Wikerson stated that the voice recorder option is the one that would possibly disappoint the consumer the most. The reviewer said that this function would only be workable if the user recorded their own voice, like a microphone. He said that "The audio quality is terrible, and from 4 meters away it is already practically impossible to understand anything from the recording." Gustavo did not analyze this feature in his review. The MP3 Player feature received more positive reviews compared to the others. Wikerson noted that the camera comes along with a headset that is "extremely simple, but fulfills its function." He said that the audio quality "does not go beyond the basics," while Gustavo said that it is "acceptable [...] similar to those low-cost MP3 Players," and said that as an MP3 Player, "the model delivers what it promises." Regarding the MP4 Player, both said that the small two-inch camera screen is not a good option. Wikerson noted that "there is no kind of brightness and image contrast control," while Gustavo wrote that "some heavier videos crash the camera."

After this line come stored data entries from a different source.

Lemma jacobi_contraction rn x x' : in_cl rn ->
  dist_inf N (jacobi rn x) (jacobi rn x') <= 2 * e / (d - 5 * e) * dist_inf N x x'.
Proof.
  intros Hr. pose proof e_pos. pose proof d_gt_13e. pose proof (dist_inf_ge0 N x x').
  apply dist_inf_le; [apply Rmult_le_pos; [apply Rdiv_le_0_compat|]; lra|].
  intros j Hj. set (k := (- Z.abs j)%Z).
  destruct (jacobi_spec rn x j Hr Hj) as [Hy Hsol].
  destruct (jacobi_spec rn x' j Hr Hj) as [Hy' Hsol'].
  fold k in Hsol, Hsol'.
  pose proof (psi_loc_sep K k
    (clamp rL rU (x (k - 1)%Z)) (jacobi rn x j) (clamp rL rU (x (k + 1)%Z))
    (clamp rL rU (x' (k - 1)%Z)) (jacobi rn x' j) (clamp rL rU (x' (k + 1)%Z))
    (clamp_in_Omega _) ltac:(lra) (clamp_in_Omega _)
    (clamp_in_Omega _) ltac:(lra) (clamp_in_Omega _)) as Hsep.
  rewrite Hsol, Hsol', Rminus_diag, Rabs_R0, Rplus_0_l in Hsep.
  pose proof (clamped_neighbours_dist x x' k ltac:(lia)) as Hnb.
  apply (Rmult_le_compat_l e) in Hnb; [|lra].
  pose proof (weights_bounds K k) as (Hwd & Hwp & Hwn & Hsum).
  pose proof (Rabs_pos (jacobi rn x j - jacobi rn x' j)).
  set (Y := Rabs (jacobi rn x j - jacobi rn x' j)) in *.
  assert (Hrate : (d - 5 * e) * Y <= 2 * e * dist_inf N x x').
  { assert (0 <= (5 - 2 * wdbl K k - (wprev K k + wnext K k)) * (e * Y)) by (apply Rmult_le_pos; nra).
    assert (0 <= (2 - (wprev K k + wnext K k)) * (e * dist_inf N x x'))
      by (apply Rmult_le_pos; nra).
    lra. }
  apply (Rmult_le_reg_l (d - 5 * e)); [lra|].
  replace ((d - 5 * e) * (2 * e / (d - 5 * e) * dist_inf N x x')) with (2 * e * dist_inf N x x')
    by (field; lra).
  exact Hrate.
Qed.
Lemma shuffling_varianceE g L sig x : (0 < n)%N ->
  n%:R * shuffling_variance g L sig x
    = \sum_(i < n) L (sig i) * sqnorm (\sum_(j < n | (j < i)%N) g (sig j) x).
Proof.
move=> n_gt0; rewrite /shuffling_variance big_mkcond mulr_sumr /=.
apply: eq_bigr => i _; case: (posnP i) => [i0|i_gt0].
  by rewrite mulr0 big_pred0 ?sqnorm0 ?mulr0 // => l; rewrite i0.
by field; rewrite pnatr_eq0 -lt0n.
Qed.

Lemma shuffling_variance_ge0 g L sig x :
  (forall i, 0 <= L i) -> 0 <= shuffling_variance g L sig x.
Proof.
move=> L_ge0; apply: sumr_ge0 => i _.
by rewrite mulr_ge0 ?divr_ge0 ?sqnorm_ge0.
Qed.

Lemma mean_smooth_le_linear (f : 'I_n -> 'rV[R]_d -> R) g L x y :
  (forall i, is_gradient (f i) (g i)) -> (forall i, lipschitz_grad (g i) (L i)) ->
  n%:R^-1 * \sum_(i < n) f i y
    <= n%:R^-1 * \sum_(i < n) f i x + dotp (n%:R^-1 *: \sum_(i < n) g i x) (y - x)
       + (n%:R^-1 * \sum_(i < n) L i) / 2 * sqnorm (y - x).
Proof.
move=> fg gL.
have : \sum_(i < n) f i y
    <= \sum_(i < n) (f i x + dotp (g i x) (y - x) + L i / 2 * sqnorm (y - x)).
  by apply: ler_sum => i _; exact: smooth_le_linear.
have n_inv0 : 0 <= n%:R^-1 :> R by rewrite invr_ge0 ler0n.
rewrite !big_split /= dotpZl dotp_suml -!mulr_suml => /(ler_wpM2l n_inv0).
by rewrite !mulrDr; lra.
Qed.

Lemma stepsize_bounds L (eta : R) :
  (0 < n)%N -> (forall i, 0 < L i) -> 0 < eta ->
  eta <= (2 * n%:R * Num.sqrt ((n%:R^-1 * \sum_(i < n) L i)
                                * \big[Num.max/0]_(i < n) L i))^-1 ->
  (forall i, 4 * eta ^+ 2 * n%:R * (\sum_(j < n) L j) * L i <= 1)
  /\ 2 * eta * (\sum_(j < n) L j) <= 1.
Proof.
move=> n_gt0 L_gt0 eta0 eta_le.
set Ls := \sum_(j < n) L j; set M := \big[Num.max/0]_(j < n) L j.
have N0 : 0 < n%:R :> R by rewrite ltr0n.
have LM i : L i <= M by apply: (le_bigmax (T := R)).
have Ls_gt0 : 0 < Ls.
  rewrite /Ls (bigD1 (Ordinal n_gt0)) //= ltr_pwDl //.
  by apply: sumr_ge0 => i _; exact: ltW.
have M_gt0 : 0 < M := lt_le_trans (L_gt0 (Ordinal n_gt0)) (LM _).
have LsM : Ls <= n%:R * M.
  rewrite -[n in n%:R]card_ord mulr_natl -sumr_const.
  by apply: ler_sum => i _; exact: LM.
have s_ge0 : 0 <= n%:R^-1 * Ls * M by rewrite !mulr_ge0 ?invr_ge0 ?ltW.
have s_gt0 : 0 < Num.sqrt (n%:R^-1 * Ls * M) by rewrite sqrtr_gt0 !mulr_gt0 ?invr_gt0.
have key : 4 * eta ^+ 2 * n%:R * Ls * M <= 1.
  have : eta * (2 * n%:R * Num.sqrt (n%:R^-1 * Ls * M)) <= 1.
    by rewrite -ler_pdivlMr ?mulr_gt0 // div1r.
  have -> : 4 * eta ^+ 2 * n%:R * Ls * M
          = (eta * (2 * n%:R * Num.sqrt (n%:R^-1 * Ls * M))) ^+ 2.
    by rewrite !exprMn sqr_sqrtr //; field; rewrite gt_eqF.
  move=> h; rewrite expr_le1 // !mulr_ge0 ?ltW //.
split=> [i|]; first by apply: le_trans key; rewrite ler_wpM2l ?LM // !mulr_ge0 ?ltW.
have : (2 * eta * Ls) ^+ 2 <= 1.
  apply: le_trans key.
  have -> : (2 * eta * Ls) ^+ 2 = 4 * eta ^+ 2 * Ls * Ls by ring.
  have -> : 4 * eta ^+ 2 * n%:R * Ls * M = 4 * eta ^+ 2 * Ls * (n%:R * M) by ring.
  by rewrite ler_wpM2l // !mulr_ge0 ?ltW.
by rewrite expr_le1 // !mulr_ge0 ?ltW.
Qed.

End Shuffling.

Section Epoch.
Variables (R : realType) (d n : nat).
Hypothesis n_gt0 : (0 < n)%N.
Variables (f : 'I_n -> 'rV[R]_d -> R) (g : 'I_n -> 'rV[R]_d -> 'rV[R]_d) (L : 'I_n -> R).
Hypotheses (f_conv : forall i, convex_fun (f i)) (fg : forall i, is_gradient (f i) (g i)).
Hypotheses (L_gt0 : forall i, 0 < L i) (gL : forall i, lipschitz_grad (g i) (L i)).
Variables (sig : 'S_n) (eta : R) (x x' xstar : 'rV[R]_d).
Hypothesis eta_gt0 : 0 < eta.

Let X (j : 'I_n) := shuffle_pass g sig eta x j.
Let a (j : 'I_n) := g (sig j) (X j).
Let b (j : 'I_n) := g (sig j) xstar.

Lemma sum_perm (F : 'I_n -> R) : \sum_(j < n) F (sig j) = \sum_(i < n) F i.
Proof. by rewrite [RHS](reindex_inj (@perm_inj _ sig)). Qed.

Lemma sum_grad_three_point :
  \sum_(i < n) f i x' - \sum_(i < n) f i xstar
  - (\sum_(j < n) L (sig j) * sqnorm (x' - X j)) / 2
  + (\sum_(j < n) sqnorm (b j - a j) / L (sig j)) / 2
    <= \sum_(j < n) dotp (a j) (x' - xstar).
Proof.
rewrite -(sum_perm (f^~ x')) -(sum_perm (f^~ xstar)) !mulr_suml -!sumrB -big_split.
apply: ler_sum => j _ /=.
have := smooth_convex_three_point (X j) x' xstar (f_conv (sig j)) (fg (sig j))
          (gL (sig j)) (L_gt0 (sig j)).
have -> : sqnorm (b j - a j) / (2 * L (sig j)) = sqnorm (b j - a j) / L (sig j) / 2.
  by field; rewrite gt_eqF.
by rewrite -/(a j) -/(b j); lra.
Qed.

Lemma iterate_dist_le (j : 'I_n) :
  sqnorm (x' - X j)
    <= 2 * sqnorm (x - x') + 4 * eta ^+ 2 * sqnorm (\sum_(l < n | (l < j)%N) b l)
       + 4 * eta ^+ 2 * n%:R * \sum_(l < n) sqnorm (a l - b l).
Proof.
have -> : x' - X j = eta *: \sum_(l < n | (l < j)%N) a l + - (x - x').
  rewrite /X shuffle_passE 1?ltnW //.
  by apply/matrixP => i k; rewrite !mxE; ring.
apply: (le_trans (sqnormD_le _ _)); rewrite sqnormN sqnormZ.
have := sqnorm_prefix_sum_le a b j.
have := sqr_ge0 eta; nra.
Qed.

Gustavo reviewed the camera's flash drive function, which "[...] works. That's all. [...] it's faster than most of the Chinese flash drives we find on the market." Wikerson said that the i-DV12's internal storage of 32 MB "is practically non-existent," but noted that the model supports SD cards of up to 4 GB, "which makes the situation a little better." Gustavo said that, in reality, "the pendrive function is a 'card reader' function, after all the memory used to read and write files is precisely that of the card inside the machine."

Finally, both agreed that the i-DV12 was overpriced. Wikerson concluded his review by saying that "Costing much more than similar devices and performing poorly functions that intermediate smartphones are capable of doing more efficiently, the Tekpix i-DV12 is certainly not among the best options in its category for the consumer." Gustavo gave the product a rating of 4/10.